%%
(* Let $T(x,y)=(x+\alpha,\,py+f(x))$ on $\mathbb T^2$ with $\alpha$ irrational and $p$ an integer with $|p|\ge2$, and let $\mu$ be the probability measure supported on the graph $\{(x,\gamma(x))\}$ of $\gamma:\mathbb T\to\mathbb T$ which projects to Lebesgue measure on the first coordinate. If $f$ and $\gamma$ are real analytic, then either $T^n_*\mu$ converges weak$^*$ to Lebesgue measure on $\mathbb T^2$, or there is a constant $c$ such that $f(x)=\gamma(x+\alpha)-p\gamma(x)+c$ for all $x\in\mathbb T$.
   Context: $\mathbb T=\mathbb R/\mathbb Z$; $T^n_*\mu$ denotes the push-forward of $\mu$ under $T^n$. *)

From Stdlib Require Import Reals Lra ZArith ClassicalEpsilon.
Open Scope R_scope.

(* Riemann integral of g over [a,b] (0 if g is not Riemann integrable there;
   the value does not depend on the integrability witness, RiemannInt_P5). *)
Definition Rint (g : R -> R) (a b : R) : R :=
  match excluded_middle_informative (inhabited (Riemann_integrable g a b)) with
  | left H => RiemannInt (epsilon H (fun _ => True))
  | right _ => 0
  end.

Definition irrational (a : R) : Prop :=
  forall (m n : Z), n <> 0%Z -> a * IZR n <> IZR m.

Definition real_analytic (F : R -> R) : Prop :=
  forall x0 : R, exists r : R, 0 < r /\ exists an : nat -> R,
    forall x, Rabs (x - x0) < r -> Pser an (x - x0) (F x).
%%
◆ Work instructions
The records above must be transcribed without a single omission.

◆ Exercise output
(* Let $T(x,y)=(x+\alpha,\,py+f(x))$ on $\mathbb T^2$ with $\alpha$ irrational and $p$ an integer with $|p|\ge2$, and let $\mu$ be the probability measure supported on the graph $\{(x,\gamma(x))\}$ of $\gamma:\mathbb T\to\mathbb T$ which projects to Lebesgue measure on the first coordinate. If $f$ and $\gamma$ are real analytic, then either $T^n_*\mu$ converges weak$^*$ to Lebesgue measure on $\mathbb T^2$, or there is a constant $c$ such that $f(x)=\gamma(x+\alpha)-p\gamma(x)+c$ for all $x\in\mathbb T$.
   Context: $\mathbb T=\mathbb R/\mathbb Z$; $T^n_*\mu$ denotes the push-forward of $\mu$ under $T^n$. *)

From Stdlib Require Import Reals Lra ZArith ClassicalEpsilon.
Open Scope R_scope.

(* Riemann integral of g over [a,b] (0 if g is not Riemann integrable there;
   the value does not depend on the integrability witness, RiemannInt_P5). *)
Definition Rint (g : R -> R) (a b : R) : R :=
  match excluded_middle_informative (inhabited (Riemann_integrable g a b)) with
  | left H => RiemannInt (epsilon H (fun _ => True))
  | right _ => 0
  end.

Definition irrational (a : R) : Prop :=
  forall (m n : Z), n <> 0%Z -> a * IZR n <> IZR m.

Definition real_analytic (F : R -> R) : Prop :=
  forall x0 : R, exists r : R, 0 < r /\ exists an : nat -> R,
    forall x, Rabs (x - x0) < r -> Pser an (x - x0) (F x).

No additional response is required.